Im März änderte die Europäische Kommission ihre befristeten Krisenregeln für staatliche Beihilfen, um den nationalen Regierungen mehr Spielraum zu geben, um vom Ukrainekrieg betroffene Unternehmen zu unterstützen.

„Es gibt eine spezielle Bestimmung für die Bereitstellung von Liquiditätshilfen, die bisher nur die Möglichkeit von Krediten spezifiziert hat, und wir werden sie um ein Bürgschaftsverfahren erweitern“, sagte der Beamte. „Wir werden das noch einfacher machen, indem wir den Übergangsrahmen ändern.“

Fortum, ein finnisches Energieunternehmen, das selbst mit Liquiditätsproblemen konfrontiert ist, sagte in einem politischen Empfehlungspapier, dass ihr Fokus jetzt darauf liege, Änderungen an der vor zehn Jahren verabschiedeten europäischen Marktinfrastrukturverordnung (EMIR) durchzusetzen.
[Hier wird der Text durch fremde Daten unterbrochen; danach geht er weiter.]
(* Let $\mathcal{L}_{\rm TM}$ be the Thue–Morse language and let ${\rm S}:\mathcal{L}_{\rm TM}\to\mathbb{N}$ be a homomorphism with $\gcd({\rm S}(a),{\rm S}(b))=1$. Then $\mathbb{N}\setminus{\rm S}(\mathcal{L}_{\rm TM})$ is infinite if and only if ${\rm S}(a)+{\rm S}(b)\ge6$. If ${\rm S}(a)+{\rm S}(b)<6$, then $\mathbb{N}\setminus{\rm S}(\mathcal{L}_{\rm TM})$ is either empty or a singleton.
   Context: $\mathbb{N}=\{1,2,3,\dots\}$. Let $\theta$ be the Thue–Morse morphism on $\{a,b\}$, $\theta(a)=ab$, $\theta(b)=ba$. The Thue–Morse language $\mathcal{L}_{\rm TM}$ is the set of all nonempty finite words occurring as factors of $\theta^n(a)$ for some $n\ge0$. A homomorphism ${\rm S}:\mathcal{L}_{\rm TM}\to\mathbb{N}$ is a map with ${\rm S}(w_1\cdots w_n)={\rm S}(w_1)+\cdots+{\rm S}(w_n)$, determined by ${\rm S}(a),{\rm S}(b)\in\mathbb{N}$. *)

From mathcomp Require Import all_boot.
Set Implicit Arguments. Unset Strict Implicit. Unset Printing Implicit Defensive.

Definition letter_a : bool := false.
Definition letter_b : bool := true.

Definition tm_theta (w : seq bool) : seq bool :=
  flatten [seq [:: x; ~~ x] | x <- w].

Definition in_TM (w : seq bool) : Prop :=
  w != [::] /\ exists n : nat, infix w (iter n tm_theta [:: letter_a]).

Definition hom_S (sa sb : nat) (w : seq bool) : nat :=
  sumn [seq (if x then sb else sa) | x <- w].

Definition in_image (sa sb : nat) (n : nat) : Prop :=
  exists w, in_TM w /\ hom_S sa sb w = n.

Definition complement_infinite (sa sb : nat) : Prop :=
  forall m : nat, exists n, m < n /\ ~ in_image sa sb n.

Definition complement_at_most_one (sa sb : nat) : Prop :=
  forall n1 n2 : nat, 0 < n1 -> 0 < n2 ->
    ~ in_image sa sb n1 -> ~ in_image sa sb n2 -> n1 = n2.

From mathcomp Require Import all_boot zify.
Set Implicit Arguments. Unset Strict Implicit. Unset Printing Implicit Defensive.

(* Every Thue-Morse factor is [u ++ tm_theta v ++ u'] with [|u|, |u'| <= 1].
   Conversely, since [tm i] and [tm (i + d)] take all four pairs of values for
   every [d > 0], the word [x :: tm_theta v ++ [:: y]] occurs for all letters
   [x], [y] and every length of [v], hence so do its trimmings.  As
   [S(tm_theta v) = |v| (S(a) + S(b))], the image [S(L_TM)] consists of the
   positive [n >= S(u u')] with [n = S(u u') mod S(a) + S(b)].  These border
   weights fall into the five classes of [0, S(a), S(b), 2 S(a), 2 S(b)], so a
   whole residue class is missed once [S(a) + S(b) >= 6]; for the coprime
   pairs with [S(a) + S(b) < 6] the gaps are found by a finite computation. *)

(* [tm n] is the [n]-th letter of the Thue-Morse word, the parity of the
   binary digit sum of [n]; fuel [n] suffices since halving decreases [n]. *)
Fixpoint tm_fuel (fuel n : nat) : bool :=
  if fuel is f.+1 then (if n is 0 then false else odd n (+) tm_fuel f n./2) else false.

Definition tm (n : nat) : bool := tm_fuel n n.

Lemma tm_fuel_stable f g n : n <= f -> n <= g -> tm_fuel f n = tm_fuel g n.
Proof.
elim: f g n => [|f IH] [|g] [|n] //= le_nf le_ng.
by rewrite (IH g) //; lia.
Qed.

Lemma tm_half n : tm n = odd n (+) tm n./2.
Proof.
case: n => [//|n]; rewrite {1}/tm /=.
by congr (_ (+) _); apply: tm_fuel_stable; rewrite ?uphalfE; lia.
Qed.

Lemma tm_bit_double (b : bool) n : tm (b + n.*2) = b (+) tm n.
Proof. by rewrite tm_half oddD odd_double addbF half_bit_double oddb. Qed.

Lemma tm_double n : tm n.*2 = tm n.
Proof. exact: tm_bit_double false n. Qed.

Lemma tm_double1 n : tm n.*2.+1 = ~~ tm n.
Proof. exact: tm_bit_double true n. Qed.

Lemma tm_two_points d x y : 0 < d -> exists i, tm i = x /\ tm (i + d) = y.
Proof.
elim/ltn_ind: d x y => d IH x y d_gt0.
have [d_le1 | d_gt1] := leqP d 1.
  have -> : d = 1 by lia.
  by case: x; case: y; [exists 1 | exists 2 | exists 0 | exists 5].
have [i [tm_i tm_id]] := IH d./2 ltac:(lia) x (odd d (+) y) ltac:(lia).
exists i.*2; rewrite tm_double tm_i; split=> //.
have -> : i.*2 + d = odd d + (i + d./2).*2 by rewrite doubleD; lia.
by rewrite tm_bit_double tm_id addKb.
Qed.

Definition tm_factor (i L : nat) : seq bool := [seq tm k | k <- iota i L].

Lemma tm_factor_cat i L1 L2 :
  tm_factor i (L1 + L2) = tm_factor i L1 ++ tm_factor (i + L1) L2.
Proof. by rewrite /tm_factor iotaD map_cat. Qed.

Lemma size_tm_factor i L : size (tm_factor i L) = L.
Proof. by rewrite size_map size_iota. Qed.

Lemma tm_theta_cat w1 w2 : tm_theta (w1 ++ w2) = tm_theta w1 ++ tm_theta w2.
Proof. by rewrite /tm_theta map_cat flatten_cat. Qed.

Lemma tm_theta_factor i L : tm_theta (tm_factor i L) = tm_factor i.*2 L.*2.
Proof.
elim: L => [//|L IH].
rewrite -addn1 tm_factor_cat tm_theta_cat IH doubleD tm_factor_cat -doubleD.
by rewrite /tm_factor /tm_theta /= tm_double tm_double1.
Qed.

Lemma iter_tm_theta m : iter m tm_theta [:: letter_a] = tm_factor 0 (2 ^ m).
Proof. by elim: m => [//|m IH]; rewrite iterS IH tm_theta_factor expnS mul2n. Qed.

Lemma in_TM_factor w : in_TM w <-> exists i L, w = tm_factor i L.+1.
Proof.
split=> [[w_neq0 [m]] | [i [L ->]]].
  rewrite iter_tm_theta => /infixP [p [q E]].
  case: w w_neq0 E => [//|x w] _ E; exists (size p), (size w).
  have := congr1 (take (size w).+1 \o drop (size p)) E.
  rewrite /= drop_size_cat // -cat_cons take_size_cat // => <-.
  rewrite /tm_factor -map_drop -map_take drop_iota take_iota add0n.
  have := congr1 size E; rewrite size_tm_factor !size_cat /= => size_E.
  by rewrite (_ : minn _ _ = (size w).+1) //; lia.
split=> //; exists (i + L.+1); rewrite iter_tm_theta.
apply/infixP; exists (tm_factor 0 i).
exists (tm_factor (i + L.+1) (2 ^ (i + L.+1) - (i + L.+1))).
have := ltn_expl (i + L.+1) (ltnSn 1).
by rewrite /tm_factor -!map_cat -!iotaD => ?; congr (map _ (iota _ _)); lia.
Qed.

Lemma in_TM_infix w w' : infix w w' -> w != [::] -> in_TM w' -> in_TM w.
Proof.
by move=> ww' w_neq0 [_ [m w'm]]; split=> //; exists m; apply: infix_trans w'm.
Qed.

Lemma tm_factor_double i L :
  tm_factor i.*2 L = tm_theta (tm_factor i L./2) ++ tm_factor (i + L./2).*2 (odd L).
Proof.
by rewrite -{1}(odd_double_half L) (addnC (odd L)) tm_factor_cat tm_theta_factor doubleD.
Qed.

Lemma in_TM_desubst w : in_TM w ->
  exists u v u', [/\ size u <= 1, size u' <= 1 & w = u ++ tm_theta v ++ u'].
Proof.
move=> /in_TM_factor [i [L ->]].
set L' := L.+1 - odd i.
exists (tm_factor i (odd i)), (tm_factor (uphalf i) L'./2),
  (tm_factor (uphalf i + L'./2).*2 (odd L')).
rewrite !size_tm_factor !leq_b1 -tm_factor_double; split=> //.
have -> : (uphalf i).*2 = i + odd i by rewrite uphalfE; lia.
by rewrite -tm_factor_cat subnKC // (leq_trans (leq_b1 _)).
Qed.

Lemma in_TM_border x y k : exists v, size v = k /\ in_TM (x :: tm_theta v ++ [:: y]).
Proof.
have [i [tm_i tm_ik]] := tm_two_points (~~ x) y (ltn0Sn k).
exists (tm_factor i.+1 k); split; first exact: size_tm_factor.
apply/in_TM_factor; exists i.*2.+1, k.*2.+1.
have -> : k.*2.+2 = 1 + (k.*2 + 1) by lia.
rewrite !tm_factor_cat tm_theta_factor.
have -> : i.*2.+1 + 1 = i.+1.*2 by rewrite addn1.
have -> : i.+1.*2 + k.*2 = (i + k.+1).*2 by rewrite -doubleD addSnnS.
by rewrite /tm_factor /= tm_double1 tm_double tm_i tm_ik negbK.
Qed.

Lemma infix_border (T : eqType) (x y : T) u m u' : size u <= 1 -> size u' <= 1 ->
  infix (u ++ m ++ u') (head x u :: m ++ [:: head y u']).
Proof.
case: u => [|a [|]] // _; case: u' => [|b [|]] // _; rewrite ?cats0.
- exact: (infix_infix [:: x] m [:: y]).
- exact: infix_cons.
- exact: (prefix_infix (a :: m) [:: y]).
- exact: infix_refl.
Qed.

Section Weights.

Variables sa sb : nat.

Lemma hom_S_cat w1 w2 : hom_S sa sb (w1 ++ w2) = hom_S sa sb w1 + hom_S sa sb w2.
Proof. by rewrite /hom_S map_cat sumn_cat. Qed.

Lemma hom_S_theta w : hom_S sa sb (tm_theta w) = size w * (sa + sb).
Proof.
elim: w => [//|x w IH]; rewrite /= mulSn -IH.
by case: x; rewrite /hom_S /tm_theta /=; lia.
Qed.

Definition short_words : seq (seq bool) := [:: [::]; [:: false]; [:: true]].

Lemma mem_short_words u : (u \in short_words) = (size u <= 1).
Proof. by case: u => [|[] [|]]. Qed.

Definition border_weights : seq nat :=
  [seq hom_S sa sb (u ++ u') | u <- short_words, u' <- short_words].

Definition has_border_form n : bool :=
  has (fun c => (c <= n) && (n == c %[mod sa + sb])) border_weights.

Lemma border_form_of_image n : in_image sa sb n -> has_border_form n.
Proof.
case=> w [/in_TM_desubst [u [v [u' [su su' ->]]]] <-].
apply/hasP; exists (hom_S sa sb (u ++ u')).
  by apply: (allpairs_f (fun u u' => hom_S sa sb (u ++ u'))); rewrite mem_short_words.
by rewrite !hom_S_cat hom_S_theta addnCA leq_addl modnMDl eqxx.
Qed.

Lemma image_of_border_form n : 0 < n -> has_border_form n -> in_image sa sb n.
Proof.
move=> n_gt0 /hasP [_ /allpairsP [[u u'] [/= su su' ->]] /andP [le_c_n]].
rewrite eqn_mod_dvd // => /divnK; set k := _ %/ _ => k_eq.
rewrite !mem_short_words in su su'.
have [v [size_v tm_v]] := in_TM_border (head false u) (head false u') k.
have hom_w : hom_S sa sb (u ++ tm_theta v ++ u') = n.
  by rewrite !hom_S_cat hom_S_theta size_v addnCA k_eq -hom_S_cat subnK.
exists (u ++ tm_theta v ++ u'); split=> //.
apply: in_TM_infix tm_v; first exact: infix_border.
by apply: contraTneq n_gt0 => w0; rewrite -hom_w w0.
Qed.

Lemma border_weights_mod c : c \in border_weights ->
  c %% (sa + sb) \in [seq d %% (sa + sb) | d <- [:: sa + sb; sa; sb; sa.*2; sb.*2]].
Proof.
case/allpairsP => [[u u'] [/= + + ->]]; rewrite !inE.
case/or3P=> /eqP-> /or3P[]/eqP->;
  rewrite /hom_S /= ?addn0 ?addnn ?(addnC sb sa) ?eqxx ?orbT //.
by rewrite modnn mod0n eqxx.
Qed.

Lemma complement_infinite_large : 6 <= sa + sb -> complement_infinite sa sb.
Proof.
move=> s_ge6 m.
pose residues := [seq d %% (sa + sb) | d <- [:: sa + sb; sa; sb; sa.*2; sb.*2]].
have /allPn [r] : ~~ all (fun r => r \in residues) (iota 0 (sa + sb)).
  apply: contraTN s_ge6 => /allP sub; rewrite -ltnNge ltnS.
  by have := uniq_leq_size (iota_uniq 0 (sa + sb)) sub; rewrite size_iota.
rewrite mem_iota add0n => /andP [_ r_lt] r_notin.
exists (m.+1 * (sa + sb) + r); split; first by nia.
move=> /border_form_of_image /hasP [c /border_weights_mod c_res /andP [_]].
by rewrite modnMDl modn_small // => /eqP r_eq; rewrite /residues r_eq c_res in r_notin.
Qed.

Lemma has_border_form_addn n : has_border_form n -> has_border_form (n + (sa + sb)).
Proof.
move=> /hasP [c c_in /andP [le_cn eq_n]]; apply/hasP; exists c => //.
by rewrite modnDr eq_n andbT (leq_trans le_cn) ?leq_addr.
Qed.

Lemma has_border_form_window N0 : 0 < sa + sb ->
  all (fun n => (n == N0) || has_border_form n) (iota 1 (N0 + (sa + sb))) ->
  forall n, 0 < n -> n != N0 -> has_border_form n.
Proof.
move=> s_gt0 /allP window n; elim/ltn_ind: n => n IH n_gt0 n_neq.
have [n_le | n_gt] := leqP n (N0 + (sa + sb)).
  by move: (window n); rewrite mem_iota (negbTE n_neq); apply; lia.
have := IH (n - (sa + sb)) ltac:(lia) ltac:(lia) ltac:(lia).
by move/has_border_form_addn; rewrite subnK //; lia.
Qed.

End Weights.

Lemma small_sum_exception sa sb : 0 < sa -> 0 < sb -> gcdn sa sb = 1 -> sa + sb < 6 ->
  exists2 N0, N0 <= 3 & forall n, 0 < n -> n != N0 -> in_image sa sb n.
Proof.
move=> sa_gt0 sb_gt0 coprime_ab s_lt6.
(* The exception is 3 for {1, 4}, 1 for {2, 3} and absent otherwise. *)
suff [N0 N0_le window] : exists2 N0, N0 <= 3 &
    all (fun n => (n == N0) || has_border_form sa sb n) (iota 1 (N0 + (sa + sb))).
  exists N0 => // n n_gt0 n_neq; apply: image_of_border_form => //.
  exact: has_border_form_window (ltn_addr _ sa_gt0) window n n_gt0 n_neq.
move: sa sb sa_gt0 sb_gt0 coprime_ab s_lt6.
case=> [|[|[|[|[|sa]]]]] [|[|[|[|[|sb]]]]] //= _ _ _ s_lt6; try lia.
all: first [by exists 0 | by exists 1 | by exists 3].
Qed.

Theorem theorem8 (sa sb : nat) :
  0 < sa -> 0 < sb -> gcdn sa sb = 1 ->
  (complement_infinite sa sb <-> 6 <= sa + sb) /\
  (sa + sb < 6 -> complement_at_most_one sa sb).
Proof.
move=> sa_gt0 sb_gt0 coprime_ab.
have small := small_sum_exception sa_gt0 sb_gt0 coprime_ab.
split; [split|].
- move=> infinite; rewrite leqNgt; apply/negP => /small [N0 N0_le cofinite].
  have [n [n_gt3 gap]] := infinite 3.
  by apply: gap; apply: cofinite; lia.
- exact: complement_infinite_large.
- move=> /small [N0 _ cofinite] n1 n2 n1_gt0 n2_gt0 gap1 gap2.
  have at_N0 n : 0 < n -> ~ in_image sa sb n -> n = N0.
    by move=> n_gt0 gap; case: (eqVneq n N0) => // /(cofinite _ n_gt0).
  by rewrite (at_N0 n1) // (at_N0 n2).
Qed.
„Während die EMIR-Gesetzgebung nach dem Zusammenbruch von Lehman Brother mit dem Ziel erlassen wurde, das Auftreten einer ähnlichen Finanzkrise zu verhindern, stellen die in der Verordnung festgelegten hohen Beschränkungen ironischerweise ernsthafte Risiken für den Handel mit Energierohstoffderivaten dar, mit der Gefahr einer weiteren Form der Zahlungsverzug“, sagte Fortum in der Zeitung.